- _Exercise requirements_
Starting from the line in which "(exists i, (i < d)%nat /\ E i <> None) /\" appears, output every line down to the last line of the data below, exactly and without anything more.

• • • • • • •

(* In the work extraction game described in the context, fix an initial state $\rho$ (energies $E_1,\dots,E_d$, occupation probabilities $\lambda_1,\dots,\lambda_d$), a final state $\sigma$ (energies $F_1,\dots,F_d$, occupation probabilities $\nu_1,\dots,\nu_d$), a number $\varepsilon\in[0,1)$ and a threshold $W\in\mathbb{R}$. Suppose a strategy $\mathcal S$ satisfies the following. It starts from the energies $E$ with the initial level distributed according to $\lambda$. It ends with the energies $F$. It succeeds, meaning that the total extracted work satisfies $W_{\rm tot}\ge W$, with probability at least $1-\varepsilon$. Conditioned on success, the final occupied level is distributed according to $\nu$. Then $$W\le W^\varepsilon(\rho\to\sigma)=kT\ln M\!\left(\tfrac{G^T(\rho)}{1-\varepsilon}\,\Big\|\,G^T(\sigma)\right).$$
   Context: Conventions. The constants $k>0$ (Boltzmann's constant) and $T>0$ (temperature) are fixed. A state is a finite-level system with energies $E_1,\dots,E_d\in\mathbb{R}\cup\{+\infty\}$, not all $+\infty$, together with a diagonal density matrix $\rho=\sum_i\lambda_i|e_i\rangle\langle e_i|$. Equivalently, it is a probability vector $(\lambda_i)$ over the levels, and we require $\lambda_i=0$ whenever $E_i=+\infty$. Gibbs rescaling. $G^T(\rho)$ is the function on $[0,\infty)$ built as follows. Each level $i$ with $E_i<\infty$ is represented by a block: an interval of length $e^{-E_i/kT}$ on which the function takes the constant value $\lambda_i e^{E_i/kT}$, so the block has area $\lambda_i$. The blocks are placed consecutively starting at $0$, in order of nonincreasing height. The function is $0$ beyond $Z=\sum_{i:E_i<\infty}e^{-E_i/kT}$. Thus $G^T(\rho)$ is a nonincreasing probability density supported in $[0,Z]$. Relative mixedness. For nonincreasing integrable functions $f,g\ge 0$ on $[0,\infty)$, $$M(f\|g):=\max\Big\{m>0:\ \int_0^l f(x)\,dx\ge\int_0^{lm}g(x)\,dx\ \text{for all } l\ge 0\Big\}.$$ For $\varepsilon\in[0,1)$ define $$W^\varepsilon(\rho\to\sigma):=kT\ln M\big(G^T(\rho)/(1-\varepsilon)\,\big\|\,G^T(\sigma)\big).$$ Work extraction game. - A working medium has levels $1,\dots,d$. At each time it has an energy assignment $E\in(\mathbb{R}\cup\{+\infty\})^d$ and occupies exactly one (random) level. - For an assignment $E$, the Gibbs vector is $\gamma_E(i)=e^{-E_i/kT}/\sum_j e^{-E_j/kT}$, which is $0$ for levels at $+\infty$. - A strategy is a finite sequence of elementary steps, fixed in advance and independent of the random outcomes. Each step is one of two kinds. - (i) Thermalisation. Choose a $d\times d$ column-stochastic matrix $B$ with $B\gamma_E=\gamma_E$ for the current energies $E$. If the current level is $j$, the new level is $i$ with probability $B_{ij}$. Energies are unchanged and no work is exchanged. - (ii) Energy change. Choose a set $S$ of levels and new values for the energies of the levels in $S$; the other energies are unchanged and the occupied level is unchanged. If the occupied level $i$ lies in $S$, the work reservoir receives extracted work $E_i^{\rm old}-E_i^{\rm new}$; otherwise it receives $0$. (The paper changes all levels in $S$ by a common amount; arbitrary changes are compositions of such steps.) - The total extracted work $W_{\rm tot}$ is the sum over steps. By convention, a realisation in which some step yields work $-\infty$ (an occupied level raised to $+\infty$) has $W_{\rm tot}=-\infty$. - A run is successful for threshold $W$ if $W_{\rm tot}\ge W$. *)

From Stdlib Require Import Reals Lra Lia List.
Import ListNotations.
Open Scope R_scope.

(* Energies take values in R u {+oo}: [Some a] is a finite energy a, [None] is +oo.
   Levels of a d-level system are the naturals 0 .. d-1; values of the
   functions at indices >= d are irrelevant. *)
Definition energy := option R.

Fixpoint rsum (n : nat) (f : nat -> R) : R :=
  match n with O => 0 | S m => rsum m f + f m end.

Definition is_state (d : nat) (E : nat -> energy) (lam : nat -> R) : Prop :=
  (exists i, (i < d)%nat /\ E i <> None) /\
  (forall i, (i < d)%nat -> 0 <= lam i) /\
  rsum d lam = 1 /\
  (forall i, (i < d)%nat -> E i = None -> lam i = 0).

Definition bwidth (k T : R) (e : energy) : R :=
  match e with Some a => exp (- a / (k * T)) | None => 0 end.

• • • • • • •

- _Exercise answer_
  (exists i, (i < d)%nat /\ E i <> None) /\
  (forall i, (i < d)%nat -> 0 <= lam i) /\
  rsum d lam = 1 /\
  (forall i, (i < d)%nat -> E i = None -> lam i = 0).

Definition bwidth (k T : R) (e : energy) : R :=
  match e with Some a => exp (- a / (k * T)) | None => 0 end.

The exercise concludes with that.